--- Dataset extract ---

Definition M_Gamma (R : realFieldType) (N : nat) (gamma : 'M[R]_N) (t : R) : R :=
  tree_sum (sg_adj gamma) (gamma_t gamma t).

Definition M_Gamma_poly (R : realFieldType) (N : nat) (gamma : 'M[R]_N) : {poly R} :=
  tree_sum (sg_adj gamma)
    (fun i j => if 0 < gamma i j then (gamma i j)%:P else gamma i j *: 'X).

Lemma M_Gamma_polyE (R : realFieldType) (N : nat) (gamma : 'M[R]_N) (t : R) :
  (M_Gamma_poly gamma).[t] = M_Gamma gamma t.
Proof.
rewrite /M_Gamma_poly /M_Gamma /tree_sum horner_sum; apply: eq_bigr => T _.
rewrite horner_prod; apply: eq_bigr => e _; rewrite /gamma_t.
by case: ifP => _; rewrite ?hornerC // hornerZ hornerX mulrC.
Qed.

(* dimension of ker L restricted to 1^perp = {v | sum_i v_i = 0}
   (vectors represented as rows; L v = 0 iff v^T L^T = 0) *)
Definition ker_dim_on_ones_perp (R : fieldType) (N : nat) (L : 'M[R]_N) : nat :=
  \rank (kermx L^T :&: kermx (const_mx 1 : 'M[R]_(N, 1)))%MS.

From HB Require Import structures.
From mathcomp Require Import all_boot all_order all_algebra all_fingroup.
From mathcomp Require Import ring.
Set Implicit Arguments. Unset Strict Implicit. Unset Printing Implicit Defensive.
Import Order.TTheory GRing.Theory Num.Theory.
Local Open Scope ring_scope.

(* Write L(t) for the Laplacian of Gamma(t), split it as L(t) = L+ + t L-
   along the positive and negative weights, and let s = t*.  By the
   matrix-tree theorem M(Gamma(t)) is, up to sign, the determinant of the
   principal minor L0(t) of L(t) at the first vertex, and
   L0(t) = L0(s) + (t - s) L0-.  For a symmetric C and a B whose quadratic
   form is definite on ker C, det (C + (t - s) B) vanishes at s to order
   exactly dim ker C.  This applies to C = L0(s) and B = L0-: if v kills L0(s)
   and v L0- v^T = 0, then v extended by 0 at the first vertex makes the
   semidefinite forms of L+ and -L- both vanish, so it is constant along
   every edge, hence zero by connectivity.  Finally, as the rows of the
   symmetric L(s) sum to zero, subtracting the first coordinate identifies
   ker L(s) on 1^perp with ker L0(s). *)

Lemma sum_delta_l (S : nzRingType) m (a : 'I_m) (g : 'I_m -> S) :
  \sum_j (a == j)%:R * g j = g a.
Proof.
rewrite (bigD1 a) //= eqxx mul1r big1 ?addr0 // => j /negbTE.
by rewrite eq_sym => ->; rewrite mul0r.
Qed.

Lemma sum_delta_r (S : nzRingType) m (a : 'I_m) (g : 'I_m -> S) :
  \sum_j (j == a)%:R * g j = g a.
Proof. by under eq_bigr => j _ do rewrite eq_sym; rewrite sum_delta_l. Qed.

Lemma lift0_eq0 m (i : 'I_m) : (lift ord0 i == ord0) = false.
Proof. by rewrite eq_sym (negbTE (neq_lift _ _)). Qed.

Lemma eq0_lift0 m (i : 'I_m) : (ord0 == lift ord0 i) = false.
Proof. by rewrite (negbTE (neq_lift _ _)). Qed.

Section Arborescence.
Variable n : nat.
Implicit Types (f g : 'I_n -> 'I_n.+1).

(* [f] gives the parent [f i] of each non-root vertex [lift ord0 i]; it
   encodes an arborescence rooted at [ord0] when following parents always
   leads to the root. *)
Definition parent f (x : 'I_n.+1) : 'I_n.+1 :=
  if unlift ord0 x is Some i then f i else ord0.

Definition arborescence f := [forall x, fconnect (parent f) x ord0].

Lemma parent_root f : parent f ord0 = ord0.
Proof. by rewrite /parent unlift_none. Qed.

Lemma parent_lift f i : parent f (lift ord0 i) = f i.
Proof. by rewrite /parent liftK. Qed.

Lemma arborescence_parent_closed f (Q : 'I_n.+1 -> Prop) : arborescence f ->
  (forall z, Q z -> z != ord0 /\ Q (parent f z)) -> forall z, ~ Q z.
Proof.
move=> /forallP toroot Qclosed z Qz; have := iter_findex (toroot z).
set m := findex _ _ _.
have Qm : Q (iter m (parent f) z).
  by elim: m => [|m IH] //=; case: (Qclosed _ IH).
by move=> Em; rewrite Em in Qm; case: (Qclosed _ Qm) => /eqP.
Qed.

Lemma fconnect_parent f x : x != ord0 ->
  fconnect (parent f) x ord0 = fconnect (parent f) (parent f x) ord0.
Proof.
move=> x0; apply/idP/idP => [xroot|]; last exact: connect_trans (fconnect1 _ x).
have := iter_findex xroot; case: (findex _ _ _) => [/= x_eq0|m].
  by rewrite x_eq0 eqxx in x0.
by rewrite iterSr => <-; apply: fconnect_iter.
Qed.

Lemma arborescence_parent_neq f i : arborescence f -> f i != lift ord0 i.
Proof.
move=> arb; apply/negP => /eqP fi.
apply: (arborescence_parent_closed (Q := fun z => z = lift ord0 i) arb) (erefl _).
by move=> z ->; rewrite lift0_eq0 parent_lift fi.
Qed.

Lemma arborescence_no_2cycle f i : arborescence f -> parent f (f i) != lift ord0 i.
Proof.
move=> arb; apply/negP => /eqP ffi.
have fi0 : f i != ord0.
  by apply/eqP => fi0; move: ffi; rewrite fi0 parent_root => /eqP; rewrite eq0_lift0.
apply: (arborescence_parent_closed (Q := fun z => z = lift ord0 i \/ z = f i) arb)
  (or_introl erefl).
move=> z [->|->]; first by rewrite lift0_eq0 parent_lift; auto.
by rewrite ffi; auto.
Qed.

Definition parent_mx (S : nzRingType) f : 'M[S]_n :=
  \matrix_(i, j) ((f i == lift ord0 j)%:R - (i == j)%:R).

Section ParentMatrix.
Variable S : comNzRingType.

(* Only the identity permutation contributes to the determinant: a
   permutation [s] moving [i] picks the entry [f i == lift ord0 (s i)], and
   following [s] from [i] would then be an endless walk along parents. *)
Lemma det_parent_mx_arborescence f :
  arborescence f -> \det (parent_mx S f) = (-1) ^+ n.
Proof.
move=> arb; rewrite /determinant (bigD1 (1%g : 'S_n)) //= [X in _ + X]big1.
  rewrite odd_perm1 mul1r addr0 (eq_bigr (fun _ => -1)) ?prodr_const ?card_ord //.
  by move=> i _; rewrite mxE perm1 eqxx (negbTE (arborescence_parent_neq _ arb)) sub0r.
move=> s s_neq1.
have [/existsP [i /andP [si fi]]|s_parent] :=
  boolP [exists i, (s i != i) && (f i != lift ord0 (s i))].
  by rewrite (bigD1 i) //= mxE (negbTE fi) eq_sym (negbTE si) subrr mul0r mulr0.
have [i0 si0] : exists i, s i != i.
  apply/existsP; apply: contraNT s_neq1 => /existsPn s_fix.
  by apply/eqP/permP => x; rewrite perm1; apply/eqP; move: (s_fix x); rewrite negbK.
exfalso; apply: (arborescence_parent_closed
  (Q := fun z => exists j, z = lift ord0 j /\ s j != j) arb) (ex_intro _ i0 (conj erefl si0)).
move=> z [j [-> sj]]; split; first by rewrite lift0_eq0.
exists (s j); split; last by apply: contra sj => /eqP /perm_inj ->.
by move/existsPn: s_parent => /(_ j); rewrite sj negbK parent_lift => /eqP.
Qed.

(* The indicator of the vertices that do not reach the root is a nonzero
   kernel vector. *)
Lemma det_parent_mx_cycle f : ~~ arborescence f -> \det (parent_mx S f) = 0.
Proof.
move=> /forallPn [x x_stuck].
pose v (y : 'I_n.+1) : S := (~~ fconnect (parent f) y ord0)%:R.
have v0 : v ord0 = 0 by rewrite /v connect0.
have [j0 xj0|x0] := unliftP ord0 x; last by rewrite x0 connect0 in x_stuck.
pose c : 'cV[S]_n := \col_j v (lift ord0 j).
have kerc : parent_mx S f *m c = 0.
  apply/matrixP => i k; rewrite !mxE.
  under eq_bigr => j _ do rewrite !mxE mulrBl.
  rewrite sumrB sum_delta_l.
  have -> : \sum_j (f i == lift ord0 j)%:R * v (lift ord0 j) = v (f i).
    case: (unliftP ord0 (f i)) => [j' ->|->].
      under eq_bigr => j _ do rewrite (inj_eq (@lift_inj _ ord0)).
      by rewrite sum_delta_l.
    by rewrite v0 big1 // => j _; rewrite eq0_lift0 mul0r.
  by rewrite /v -parent_lift -fconnect_parent ?subrr ?lift0_eq0.
have := mul_adj_mx (parent_mx S f); move/(congr1 (fun M => M *m c)).
rewrite -mulmxA kerc mulmx0 mul_scalar_mx => /matrixP /(_ j0 0).
by rewrite !mxE /v -xj0 x_stuck mulr1.
Qed.

Lemma det_parent_mx f :
  \det (parent_mx S f) = if arborescence f then (-1) ^+ n else 0.
Proof.
case: ifP => arb; first exact: det_parent_mx_arborescence.
by apply: det_parent_mx_cycle; rewrite arb.
Qed.

End ParentMatrix.
End Arborescence.

Local Notation minor0 A := (row' ord0 (col' ord0 A)).

Lemma minor0_laplacian (S : comNzRingType) n (w : 'I_n.+1 -> 'I_n.+1 -> S) :
  minor0 (laplacian w) =
  \matrix_(i, j) \sum_k w (lift ord0 i) k * ((k == lift ord0 j)%:R - (i == j)%:R).
Proof.
apply/matrixP => i j; rewrite !mxE (inj_eq (@lift_inj _ ord0)).
under [RHS]eq_bigr => k _ do rewrite mulrBr.
rewrite sumrB.
under [X in X - _]eq_bigr => k _ do rewrite mulrC eq_sym.
rewrite sum_delta_l; case: eqP => [->|_].
  under [X in _ - X]eq_bigr => k _ do rewrite mulr1.
  by rewrite [in RHS](bigD1 (lift ord0 j)) //= opprD addrA subrr sub0r.
by rewrite big1 ?subr0 // => k _; rewrite mulr0.
Qed.

(* By [minor0_laplacian], row [i] of the minor is
   [\sum_k w (lift ord0 i) k] times the row obtained by choosing [k] as the
   parent of [lift ord0 i]; expanding by multilinearity leaves one
   [det_parent_mx] per parent map. *)
Theorem det_minor0_laplacian (S : comNzRingType) n (w : 'I_n.+1 -> 'I_n.+1 -> S) :
  \det (minor0 (laplacian w)) = (-1) ^+ n *
    \sum_(f : {ffun 'I_n -> 'I_n.+1} | arborescence f) \prod_i w (lift ord0 i) (f i).
Proof.
rewrite minor0_laplacian /determinant.
under eq_bigr => s _.
  rewrite (eq_bigr (fun i => \sum_k w (lift ord0 i) k *
     ((k == lift ord0 (s i))%:R - (i == s i)%:R))); last by move=> i _; rewrite mxE.
  rewrite bigA_distr_bigA mulr_sumr.
  over.
rewrite exchange_big /= [in RHS]big_mkcond [in RHS]mulr_sumr; apply: eq_bigr => f _.
have -> : \sum_(s : 'S_n) (-1) ^+ s * \prod_i (w (lift ord0 i) (f i) *
     ((f i == lift ord0 (s i))%:R - (i == s i)%:R))
   = (\prod_i w (lift ord0 i) (f i)) * \det (parent_mx S f).
  rewrite /determinant mulr_sumr; apply: eq_bigr => s _.
  rewrite big_split /= mulrCA; congr (_ * (_ * _)).
  by apply: eq_bigr => i _; rewrite mxE.
by rewrite det_parent_mx; case: ifP => _; rewrite ?mulr0 // mulrC.
Qed.

Section SpanningTrees.
Variable n : nat.
Implicit Types f g : {ffun 'I_n -> 'I_n.+1}.

Definition tree_edge (x y : 'I_n.+1) : 'I_n.+1 * 'I_n.+1 :=
  if (x < y)%N then (x, y) else (y, x).

Definition tree_of f : {set 'I_n.+1 * 'I_n.+1} :=
  [set tree_edge (lift ord0 i) (f i) | i : 'I_n].

Lemma tree_edge_eq a b c d : tree_edge a b = tree_edge c d ->
  (a = c /\ b = d) \/ (a = d /\ b = c).
Proof. by rewrite /tree_edge; do 2 case: ifP => _; case=> -> ->; auto. Qed.

Lemma tree_edge_inj f :
  arborescence f -> injective (fun i => tree_edge (lift ord0 i) (f i)).
Proof.
move=> arb i j /tree_edge_eq [[/lift_inj //]|[fj fi]].
by have := arborescence_no_2cycle j arb; rewrite -fj parent_lift fi eqxx.
Qed.

(* Two parent maps with the same edges agree: at a vertex where they differ,
   the edge to its [f]-parent must be the [g]-edge of that parent, and the
   disagreement moves up one step, which is impossible in an arborescence. *)
Lemma tree_of_inj f g : arborescence f -> arborescence g -> tree_of f = tree_of g -> f = g.
Proof.
move=> arbf arbg eq_fg; apply/ffunP => i0; apply/eqP/negPn/negP => ne0.
have Q0 : lift ord0 i0 != ord0 /\ parent f (lift ord0 i0) != parent g (lift ord0 i0).
  by rewrite !parent_lift lift0_eq0.
apply: (arborescence_parent_closed
  (Q := fun z => z != ord0 /\ parent f z != parent g z) arbf _ Q0).
move=> z [z0 neq_z]; split => //.
case: (unliftP ord0 z) => [i zi|z_eq0]; last by rewrite z_eq0 eqxx in z0.
have : tree_edge (lift ord0 i) (f i) \in tree_of g by rewrite -eq_fg; apply: imset_f.
case/imsetP => j _ /tree_edge_eq [[/lift_inj ij fij]|[ij fij]].
  by move: neq_z; rewrite zi !parent_lift fij ij eqxx.
rewrite zi parent_lift fij !parent_lift lift0_eq0 -ij; split => //.
apply/negP => /eqP fj.
by have := arborescence_no_2cycle i arbf; rewrite fij parent_lift fj eqxx.
Qed.

Variable E : rel 'I_n.+1.
Hypothesis E_sym : symmetric E.

Definition arborescence_in f := arborescence f && [forall i, E (lift ord0 i) (f i)].

Definition tree_rel (T : {set 'I_n.+1 * 'I_n.+1}) : rel 'I_n.+1 :=
  fun x y => ((x, y) \in T) || ((y, x) \in T).

Lemma tree_rel_sym T : symmetric (tree_rel T).
Proof. by move=> x y; rewrite /tree_rel orbC. Qed.

Lemma tree_of_spanning f : arborescence_in f -> spanning_tree E (tree_of f).
Proof.
case/andP => arb /forallP f_edge; apply/andP; split; first (apply/andP; split).
- apply/forallP => e; apply/implyP => /imsetP [i _ ->].
  have fi := arborescence_parent_neq i arb; rewrite /tree_edge.
  case: ifP => lt /=; first by rewrite lt f_edge.
  rewrite E_sym f_edge andbT ltn_neqAle leqNgt lt andbT.
  by apply: contra fi => /eqP fi; apply/eqP/val_inj.
- have to_parent z : connect (tree_rel (tree_of f)) z (parent f z).
    case: (unliftP ord0 z) => [i ->|->]; last by rewrite parent_root connect0.
    apply: connect1; rewrite parent_lift /tree_rel.
    have : tree_edge (lift ord0 i) (f i) \in tree_of f by apply: imset_f.
    by rewrite /tree_edge; case: ifP => _ ->; rewrite ?orbT.
  have to_root x : connect (tree_rel (tree_of f)) x ord0.
    move/forallP: arb => /(_ x) /iter_findex <-.
    elim: (findex _ _ _) => [|m IH] /=; first exact: connect0.
    exact: connect_trans IH (to_parent _).
  apply/forallP => x; apply/forallP => y; apply: connect_trans (to_root x) _.
  by rewrite (sym_connect_sym (@tree_rel_sym _)) to_root.
- by rewrite card_imset ?card_ord //; apply: tree_edge_inj.
Qed.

--- What this task involves ---
Above are the records; from them, give again exactly the lines from the one containing "ker L(s) on 1^perp with ker L0(s). *)" through the one containing "(* [f] gives", both included.

--- Answer section ---
   ker L(s) on 1^perp with ker L0(s). *)

Lemma sum_delta_l (S : nzRingType) m (a : 'I_m) (g : 'I_m -> S) :
  \sum_j (a == j)%:R * g j = g a.
Proof.
rewrite (bigD1 a) //= eqxx mul1r big1 ?addr0 // => j /negbTE.
by rewrite eq_sym => ->; rewrite mul0r.
Qed.

Lemma sum_delta_r (S : nzRingType) m (a : 'I_m) (g : 'I_m -> S) :
  \sum_j (j == a)%:R * g j = g a.
Proof. by under eq_bigr => j _ do rewrite eq_sym; rewrite sum_delta_l. Qed.

Lemma lift0_eq0 m (i : 'I_m) : (lift ord0 i == ord0) = false.
Proof. by rewrite eq_sym (negbTE (neq_lift _ _)). Qed.

Lemma eq0_lift0 m (i : 'I_m) : (ord0 == lift ord0 i) = false.
Proof. by rewrite (negbTE (neq_lift _ _)). Qed.

Section Arborescence.
Variable n : nat.
Implicit Types (f g : 'I_n -> 'I_n.+1).

(* [f] gives the parent [f i] of each non-root vertex [lift ord0 i]; it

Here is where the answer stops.